First, create the desired optimization problem as a PYOMO model. The following code snippet is a concise example of the application of the optimization engine.
import networkx as nx
graph = nx.star_graph(4)
mis_problem = mis(graph)
Construct a Classiq model for this optimization problem with the construct_combinatorial_optimization_model
function.
from classiq.applications.combinatorial_optimization import (
QAOAConfig,
)
from classiq import construct_combinatorial_optimization_model
qaoa_config = QAOAConfig(num_layers=3)
mis_model = construct_combinatorial_optimization_model(
pyo_model=mis_problem, qaoa_config=qaoa_config
)
Results
The quantum program is obtained by synthesizing the model. You can also view the quantum program interactively.
from classiq import synthesize, show
mis_quantum_program = synthesize(mis_model)
show(mis_quantum_program)
To get the results for the optimization problem, execute the received quantum program.
from classiq import execute
res = execute(mis_quantum_program).result()
The results show all obtained solutions, with the number of times they were encountered.

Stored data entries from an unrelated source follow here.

(* Let $n\ge 3$ be an integer and let $C_n$ denote the cycle on $n$ vertices. For any $x\in\mathbb{N}$ and any integer $y$ with $0\le y\le x$, \[ P(C_n,x,y) = \left( \frac{x - 1 - \sqrt{(x+1)^2-4y} }{2} \right)^{n} + \left( \frac{x - 1 + \sqrt{(x+1)^2-4y}}{2} \right)^{n} + (-1)^{n} (y - 1). \]
   Context: For a finite simple graph $G=(V,E)$, $x\in\mathbb{N}$ and $y\in\{0,\dots,x\}$, the bivariate chromatic polynomial $P(G,x,y)$ is the number of maps $f:V\to\{1,\dots,x\}$ such that for every edge $\{v,w\}\in E$, either $f(v)\neq f(w)$ or $f(v)=f(w)>y$. (Equivalently: colorings in which adjacent vertices receive different colors or share a color from $\{y+1,\dots,x\}$.) *)

From mathcomp Require Import all_boot all_order all_algebra.
Set Implicit Arguments. Unset Strict Implicit. Unset Printing Implicit Defensive.

(* A finite simple graph is given by a symmetric irreflexive relation [e]
   on a finite vertex type [V]. Colours {1,...,x} are represented by 'I_x,
   colour c : 'I_x standing for c+1; thus "f v > y" becomes "y <= f v". *)
Definition bivariate_chromatic (V : finType) (e : rel V) (x y : nat) : nat :=
  #|[set f : {ffun V -> 'I_x} |
      [forall v, forall w, e v w ==> ((f v != f w) || (y <= f v))]]|.

Definition cycle_rel (n : nat) : rel 'I_n :=
  fun i j => (nat_of_ord j == i.+1 %% n) || (nat_of_ord i == j.+1 %% n).

From mathcomp Require Import all_boot all_order all_algebra.
From mathcomp Require Import ring lra.
Import Order.TTheory GRing.Theory Num.Theory.

(* Colourings of C_n are closed walks of length n for the relation
   "different colours, or the same colour > y", so P(C_n,x,y) = tr A^n with
   A = J - D, J the all-ones matrix and D the diagonal 0/1 matrix of the
   colours <= y.  The row sums of A^k, and their parts over the first y
   columns, obey a 2x2 linear system with characteristic polynomial
   t^2 - (x-1) t - (x-y), whose roots are the two numbers in the formula.  Since
   each diagonal entry of A^(k+1) is a row sum of A^k minus, for the first y
   colours, the previous diagonal entry, the trace picks up the additional
   alternating term (-1)^n (y-1). *)

Set Implicit Arguments.
Unset Strict Implicit.
Unset Printing Implicit Defensive.
Local Open Scope ring_scope.

Section WalkExtension.
Variables (T : finType) (k : nat).

Definition ffun_rcons (g : {ffun 'I_k.+1 -> T}) (c : T) : {ffun 'I_k.+2 -> T} :=
  [ffun i => if unlift ord_max i is Some j then g j else c].

Lemma ffun_rcons_max g c : ffun_rcons g c ord_max = c.
Proof. by rewrite ffunE unlift_none. Qed.

Lemma ffun_rcons_lift g c j : ffun_rcons g c (lift ord_max j) = g j.
Proof. by rewrite ffunE liftK. Qed.

Lemma ffun_rcons_val g c (i : 'I_k.+2) (j : 'I_k.+1) :
  (i : nat) = j -> ffun_rcons g c i = g j.
Proof.
move=> eij; rewrite -(ffun_rcons_lift g c); congr (_ _); apply: val_inj.
by rewrite /= /bump leqNgt ltn_ord.
Qed.

Lemma sum_ffun_rcons (V : nmodType) (F : {ffun 'I_k.+2 -> T} -> V) :
  \sum_f F f = \sum_(g : {ffun 'I_k.+1 -> T}) \sum_(c : T) F (ffun_rcons g c).
Proof.
rewrite pair_big /= (reindex (fun p => ffun_rcons p.1 p.2)) //=.
exists (fun f => ([ffun j => f (lift ord_max j)], f ord_max)) => [[g c] _ | f _] /=.
  by congr (_, _); [apply/ffunP => j; rewrite ffunE ffun_rcons_lift | rewrite ffun_rcons_max].
by apply/ffunP => i; rewrite ffunE; case: unliftP => [j ->|->] //; rewrite ffunE.
Qed.

End WalkExtension.

Arguments ffun_rcons_val {T k g c i} j.

Section TransferMatrix.
Variables (R : pzSemiRingType) (m : nat) (A : 'M[R]_m).

Definition walk_weight {k} (f : {ffun 'I_k.+1 -> 'I_m}) : R :=
  \prod_(i < k) A (f (widen_ord (leqnSn k) i)) (f (lift ord0 i)).

Lemma mxpow_walks k a b :
  (A ^+ k) a b =
  \sum_(f : {ffun 'I_k.+1 -> 'I_m} | (f ord0 == a) && (f ord_max == b))
    walk_weight f.
Proof.
elim: k a b => [|k IHk] a b.
  rewrite expr0 mxE /walk_weight; case: (eqVneq a b) => [<-|neq_ab].
    rewrite (big_pred1 [ffun=> a]) ?big_ord0 // => f /=.
    apply/idP/eqP => [/andP[/eqP f0 _]|->]; last by rewrite !ffunE eqxx.
    by apply/ffunP => i; rewrite ffunE ord1.
  rewrite big_pred0 // => f; apply/negP => /andP[/eqP f0 /eqP f1].
  by move/eqP: neq_ab; apply; rewrite -f0 -f1; congr (f _); apply: val_inj.
rewrite exprSr -mulmxE mxE.
transitivity (\sum_(g : {ffun 'I_k.+1 -> 'I_m} | g ord0 == a)
                walk_weight g * A (g ord_max) b).
  rewrite (partition_big (fun g : {ffun 'I_k.+1 -> 'I_m} => g ord_max) predT) //=.
  apply: eq_bigr => c _; rewrite IHk big_distrl /=.
  by apply: eq_big => [g|g /andP[_ /eqP ->]].
rewrite [RHS]big_mkcond sum_ffun_rcons big_mkcond /=; apply: eq_bigr => g _.
rewrite (bigD1 b) //= big1 ?addr0 => [|c /negbTE nb]; last first.
  by rewrite ffun_rcons_max nb andbF.
rewrite ffun_rcons_max eqxx andbT (ffun_rcons_val ord0) //.
case: (g ord0 == a) => //.
rewrite /walk_weight big_ord_recr /= (ffun_rcons_val ord_max) //.
have -> : lift ord0 (ord_max : 'I_k.+1) = ord_max :> 'I_k.+2 by apply: val_inj.
rewrite ffun_rcons_max; congr (_ * _); apply: eq_bigr => i _.
by rewrite (ffun_rcons_val (widen_ord _ i)) // (ffun_rcons_val (lift ord0 i)).
Qed.

Lemma mxtrace_exp_closed_walks k :
  \tr (A ^+ k.+1) =
  \sum_(f : {ffun 'I_k.+1 -> 'I_m}) \prod_(i < k.+1) A (f i) (f (ordS i)).
Proof.
rewrite (partition_big (fun f : {ffun 'I_k.+1 -> 'I_m} => f ord0) predT) //=.
apply: eq_bigr => a _; rewrite exprSr -mulmxE mxE.
rewrite (partition_big (fun f : {ffun 'I_k.+1 -> 'I_m} => f ord_max) predT) //=.
apply: eq_bigr => b _; rewrite mxpow_walks big_distrl /=.
apply: eq_big => [f|f /andP[/eqP f0 /eqP fmax]] //.
rewrite big_ord_recr /= -f0 -fmax; congr (_ * A _ (f _)); last first.
  by apply: val_inj; rewrite /= modnn.
apply: eq_bigr => i _; congr (A _ (f _)); apply: val_inj => /=.
by rewrite modn_small // ltnS.
Qed.

End TransferMatrix.

Lemma prodr_nat_bool (R : pzSemiRingType) (I : finType) (b : pred I) :
  \prod_i (b i)%:R = [forall i, b i]%:R :> R.
Proof.
rewrite -natr_prod; congr _%:R.
case: forallP => [bT|]; first by rewrite big1 // => i _; rewrite bT.
move/forallP; rewrite negb_forall => /existsP[i /negbTE bFi].
by rewrite (bigD1 i) //= bFi.
Qed.

Lemma card_closed_walks (R : pzSemiRingType) (m : nat) (r : rel 'I_m) k :
  #|[set f : {ffun 'I_k.+1 -> 'I_m} | [forall i, r (f i) (f (ordS i))]]|%:R
  = \tr ((\matrix_(b, c) (r b c)%:R) ^+ k.+1) :> R.
Proof.
rewrite mxtrace_exp_closed_walks -sum1_card natr_sum big_mkcond /=.
apply: eq_bigr => f _; rewrite inE.
under [RHS]eq_bigr do rewrite mxE.
by rewrite prodr_nat_bool; case: forallP.
Qed.

Lemma cycle_rel_ordS (T : Type) (r : rel T) k (f : 'I_k.+1 -> T) :
  symmetric r ->
  [forall v, forall w, cycle_rel v w ==> r (f v) (f w)] =
  [forall i, r (f i) (f (ordS i))].
Proof.
move=> r_sym; apply/forallP/forallP => [edges i|steps v].
  by have /forallP/(_ (ordS i)) := edges i; rewrite /cycle_rel eqxx.
apply/forallP => w; apply/implyP; rewrite /cycle_rel => /orP[] /eqP e.
  by have -> : w = ordS v by apply: val_inj.
have -> : v = ordS w by apply: val_inj.
by rewrite r_sym.
Qed.

Section SecondOrderRecurrence.
Variables (R : comPzRingType) (p q : R).

Definition rec2 (s : nat -> R) := forall k, s k.+2 = p * s k.+1 + q * s k.

Lemma rec2_eq (s1 s2 : nat -> R) :
  rec2 s1 -> rec2 s2 -> s1 0 = s2 0 -> s1 1 = s2 1 -> s1 =1 s2.
Proof.
move=> rec_s1 rec_s2 e0 e1 k.
suff [] : s1 k = s2 k /\ s1 k.+1 = s2 k.+1 by [].
elim: k => [//|k [IH1 IH2]]; split=> //.
by rewrite rec_s1 rec_s2 IH1 IH2.
Qed.

Lemma eq_rec2 (s1 s2 : nat -> R) : s1 =1 s2 -> rec2 s1 -> rec2 s2.
Proof. by move=> e12 rec_s1 k; rewrite -!e12. Qed.

Lemma rec2_shift (s : nat -> R) : rec2 s -> rec2 (fun k => s k.+1).
Proof. by move=> rec_s k; apply: rec_s. Qed.

Lemma rec2B (s1 s2 : nat -> R) :
  rec2 s1 -> rec2 s2 -> rec2 (fun k => s1 k - s2 k).
Proof. by move=> rec_s1 rec_s2 k; rewrite rec_s1 rec_s2; ring. Qed.

Lemma rec2_sum (I : finType) (P : pred I) (s : I -> nat -> R) :
  (forall i, rec2 (s i)) -> rec2 (fun k => \sum_(i | P i) s i k).
Proof.
move=> rec_s k; rewrite 2!mulr_sumr -big_split /=.
by apply: eq_bigr => i _; apply: rec_s.
Qed.

Lemma rec2_linear_system (a b c d : R) (u v : nat -> R) :
  p = a + d -> q = b * c - a * d ->
  (forall k, u k.+1 = a * u k + b * v k) ->
  (forall k, v k.+1 = c * u k + d * v k) -> rec2 u.
Proof.
move=> Ep Eq u_succ v_succ k; rewrite Ep Eq.
have v_of_u : b * v k = u k.+1 - a * u k by rewrite u_succ; ring.
by rewrite [u k.+2]u_succ v_succ mulrDr (mulrCA b d) v_of_u; ring.
Qed.

(* If [h k.+1 + h k] satisfies the recurrence, the defect
   [h k.+2 - p * h k.+1 - q * h k] alternates in sign, so it vanishes
   as soon as it vanishes at [k = 0]. *)
Lemma rec2_from_succ_add (h : nat -> R) :
  rec2 (fun k => h k.+1 + h k) -> h 2 = p * h 1 + q * h 0 -> rec2 h.
Proof.
move=> rec_sum h2 k; elim: k => [//|k IH].
have /= sum_eq := rec_sum k.
apply: (addIr (h k.+2)); rewrite sum_eq IH; ring.
Qed.

End SecondOrderRecurrence.

Lemma rec2_power_sum (R : comPzRingType) (l1 l2 : R) :
  rec2 (l1 + l2) (- (l1 * l2)) (fun k => l1 ^+ k + l2 ^+ k).
Proof. by move=> k; rewrite !exprS; ring. Qed.

Definition colour_ok (x y : nat) : rel 'I_x := fun b c => (b != c) || (y <= b)%N.

Lemma colour_ok_sym x y : symmetric (@colour_ok x y).
Proof. by move=> b c; rewrite /colour_ok eq_sym; case: eqP => [->|]. Qed.

Lemma bivariate_chromatic_cycle x y k :
  bivariate_chromatic (@cycle_rel k.+1) x y =
  #|[set f : {ffun 'I_k.+1 -> 'I_x} | [forall i, colour_ok y (f i) (f (ordS i))]]|.
Proof.
by apply: eq_card => f; rewrite !inE -(cycle_rel_ordS _ (@colour_ok_sym x y)).
Qed.

Definition colour_mx (R : pzSemiRingType) (x y : nat) : 'M[R]_x :=
  \matrix_(b, c) (colour_ok y b c)%:R.

Section BivariateTransferMatrix.
Variables (R : comPzRingType) (x y : nat).
Hypothesis le_yx : (y <= x)%N.

Local Notation A := (colour_mx R x y).
Let row_sum k (a : 'I_x) := \sum_b (A ^+ k) a b.
Let low_row_sum k (a : 'I_x) := \sum_(b : 'I_x | (b < y)%N) (A ^+ k) a b.
Let low_diag_sum k := \sum_(a : 'I_x | (a < y)%N) (A ^+ k) a a.

Lemma sum_low_const (c : R) : \sum_(b : 'I_x | (b < y)%N) c = y%:R * c.
Proof.
by rewrite (big_ord_narrow_cond (P := predT)) /= sumr_const card_ord mulr_natl.
Qed.

Lemma sum_low_indicator (F : 'I_x -> R) :
  \sum_(b : 'I_x) (b < y)%N%:R * F b = \sum_(b : 'I_x | (b < y)%N) F b.
Proof.
rewrite [RHS]big_mkcond; apply: eq_bigr => b _.
by case: ifP; rewrite ?mul1r ?mul0r.
Qed.

Lemma colour_mxE b c : A b c = 1 - ((b == c) && (c < y)%N)%:R.
Proof.
rewrite mxE /colour_ok leqNgt; case: eqVneq => [->|] /=; last by rewrite subr0.
by case: (c < y)%N; rewrite ?subrr ?subr0.
Qed.

Lemma colour_mx_exp_succE k a c :
  (A ^+ k.+1) a c = row_sum k a - (c < y)%N%:R * (A ^+ k) a c.
Proof.
rewrite exprSr -mulmxE mxE; under eq_bigr do rewrite colour_mxE mulrBr mulr1.
rewrite sumrB; congr (_ - _).
rewrite (bigD1 c) //= big1 ?addr0 => [|b /negbTE nbc]; last by rewrite nbc mulr0.
by rewrite eqxx mulrC.
Qed.

Lemma row_sum_succ k a : row_sum k.+1 a = x%:R * row_sum k a - low_row_sum k a.
Proof.
rewrite {1}/row_sum; under eq_bigr do rewrite colour_mx_exp_succE.
by rewrite sumrB sumr_const card_ord mulr_natl sum_low_indicator.
Qed.

Lemma low_row_sum_succ k a :
  low_row_sum k.+1 a = y%:R * row_sum k a - low_row_sum k a.
Proof.
rewrite {1}/low_row_sum.
under eq_bigr => c c_low do rewrite colour_mx_exp_succE c_low mul1r.
by rewrite sumrB sum_low_const.
Qed.

Lemma rec2_row_sums (P : pred 'I_x) :
  rec2 (x%:R - 1) (x%:R - y%:R) (fun k => \sum_(a | P a) row_sum k a).
Proof.
apply: rec2_sum => a.
apply: (@rec2_linear_system _ _ _ x%:R (-1) y%:R (-1) _ (low_row_sum^~ a)).
- by [].
- by ring.
- by move=> k; rewrite row_sum_succ; ring.
- by move=> k; rewrite low_row_sum_succ; ring.
Qed.

Lemma mxtrace_colour_mx_succ k :
  \tr (A ^+ k.+1) = \sum_(a : 'I_x) row_sum k a - low_diag_sum k.
Proof.
rewrite /mxtrace; under eq_bigr do rewrite colour_mx_exp_succE.
by rewrite sumrB sum_low_indicator.
Qed.

Lemma low_diag_sum_succ k :
  low_diag_sum k.+1 = \sum_(a : 'I_x | (a < y)%N) row_sum k a - low_diag_sum k.
Proof.
rewrite {1}/low_diag_sum.
under eq_bigr => a a_low do rewrite colour_mx_exp_succE a_low mul1r.
by rewrite sumrB.
Qed.

Lemma row_sum0 a : row_sum 0 a = 1.
Proof.
rewrite /row_sum (bigD1 a) //= big1 => [|b nba]; first by rewrite expr0 mxE eqxx addr0.
by rewrite expr0 mxE eq_sym (negbTE nba).
Qed.

Lemma low_diag_sum0 : low_diag_sum 0 = y%:R.
Proof.
by rewrite /low_diag_sum; under eq_bigr do rewrite expr0 mxE eqxx; rewrite sum_low_const mulr1.
Qed.

Lemma low_row_sum0 a : low_row_sum 0 a = (a < y)%N%:R.
Proof.
rewrite /low_row_sum -sum_low_indicator (bigD1 a) //= big1 => [|b nba].
  by rewrite expr0 mxE eqxx mulr1 addr0.
by rewrite expr0 mxE eq_sym (negbTE nba) mulr0.
Qed.

Lemma sum_row_sum0 : \sum_(a : 'I_x) row_sum 0 a = x%:R.
Proof. by under eq_bigr do rewrite row_sum0; rewrite sumr_const card_ord. Qed.

Lemma sum_row_sum1 : \sum_(a : 'I_x) row_sum 1 a = x%:R * x%:R - y%:R.
Proof.
under eq_bigr do rewrite row_sum_succ row_sum0 low_row_sum0 mulr1.
rewrite sumrB sumr_const card_ord mulr_natl; congr (_ - _).
by rewrite -[RHS]mulr1 -sum_low_const -sum_low_indicator; apply: eq_bigr => a _; rewrite mulr1.
Qed.

Lemma low_diag_sum1 : low_diag_sum 1 = 0.
Proof.
rewrite low_diag_sum_succ low_diag_sum0; under eq_bigr do rewrite row_sum0.
by rewrite sum_low_const mulr1 subrr.
Qed.

Lemma low_diag_sum2 : low_diag_sum 2 = y%:R * (x%:R - 1).
Proof.
rewrite low_diag_sum_succ low_diag_sum1 subr0 -sum_low_const.
apply: eq_bigr => a a_low.
by rewrite row_sum_succ row_sum0 low_row_sum0 a_low mulr1.
Qed.

Lemma mxtrace_colour_mx_exp (l1 l2 : R) :
  l1 + l2 = x%:R - 1 -> l1 * l2 = y%:R - x%:R -> forall k,
  \tr (A ^+ k.+1) = l1 ^+ k.+1 + l2 ^+ k.+1 + (-1) ^+ k.+1 * (y%:R - 1).
Proof.
move=> sum_l prod_l k.
pose eps i : R := (-1) ^+ i * (y%:R - 1).
pose p := x%:R - 1 : R; pose q := x%:R - y%:R : R.
have rec_low : rec2 p q (fun j => low_diag_sum j - eps j).
  apply: rec2_from_succ_add.
    apply: eq_rec2 (rec2_row_sums (fun a => (a < y)%N)) => j.
    by rewrite low_diag_sum_succ /eps exprS; ring.
  rewrite low_diag_sum2 low_diag_sum1 low_diag_sum0 /eps /p /q expr2 expr1 expr0.
  by ring.
have rec_tr : rec2 p q (fun j => \tr (A ^+ j.+1) - eps j.+1).
  apply: eq_rec2 (rec2B (rec2_row_sums predT) rec_low) => j.
  by rewrite mxtrace_colour_mx_succ /eps exprS; ring.
have rec_pow : rec2 p q (fun j => l1 ^+ j.+1 + l2 ^+ j.+1).
  have -> : p = l1 + l2 by [].
  have -> : q = - (l1 * l2) by rewrite prod_l opprB.
  exact: rec2_shift (rec2_power_sum l1 l2).
apply/(canRL (subrK _))/(rec2_eq rec_tr rec_pow) => /=.
  rewrite mxtrace_colour_mx_succ sum_row_sum0 low_diag_sum0 /eps expr1 sum_l.
  by ring.
rewrite mxtrace_colour_mx_succ sum_row_sum1 low_diag_sum1 /eps.
have -> : l1 ^+ 2 + l2 ^+ 2 = (l1 + l2) ^+ 2 - 2 * (l1 * l2) by ring.
by rewrite sum_l prod_l !expr2; ring.
Qed.

End BivariateTransferMatrix.

Theorem theorem2 (R : rcfType) (n x y : nat) (hn : (3 <= n)%N) (hy : (y <= x)%N) :
  (@bivariate_chromatic 'I_n (@cycle_rel n) x y)%:R =
    ((x%:R - 1 - Num.sqrt ((x%:R + 1) ^+ 2 - 4 * y%:R)) / 2) ^+ n
  + ((x%:R - 1 + Num.sqrt ((x%:R + 1) ^+ 2 - 4 * y%:R)) / 2) ^+ n
  + (-1) ^+ n * (y%:R - 1) :> R.
Proof.
case: n hn => [//|k] _.
set s := Num.sqrt _; set l1 := (_ - s) / 2; set l2 := (_ + s) / 2.
have discr_ge0 : 0 <= (x%:R + 1) ^+ 2 - 4 * y%:R :> R.
  have : (y%:R <= x%:R :> R) by rewrite ler_nat.
  have : 0 <= (x%:R - 1) ^+ 2 :> R by apply: sqr_ge0.
  by move=> *; nra.
have s2 : s ^+ 2 = (x%:R + 1) ^+ 2 - 4 * y%:R by rewrite sqr_sqrtr.
rewrite bivariate_chromatic_cycle card_closed_walks.
apply: (mxtrace_colour_mx_exp hy); rewrite /l1 /l2; first by field.
have -> : (x%:R - 1 - s) / 2 * ((x%:R - 1 + s) / 2) = ((x%:R - 1) ^+ 2 - s ^+ 2) / 4 :> R.
  by field.
by rewrite s2; field.
Qed.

Each solution contains the found objective function value and the variable assignment that gave it.
import pandas as pd
from classiq.applications.combinatorial_optimization import (
get_optimization_solution_from_pyo,
)
vqe_result = res[0].value
solution = get_optimization_solution_from_pyo(
mis_problem, vqe_result=vqe_result, penalty_energy=qaoa_config.penalty_energy
)
optimization_result = pd.DataFrame.from_records(solution)
optimization_result.sort_values(by="cost", ascending=False).head(5)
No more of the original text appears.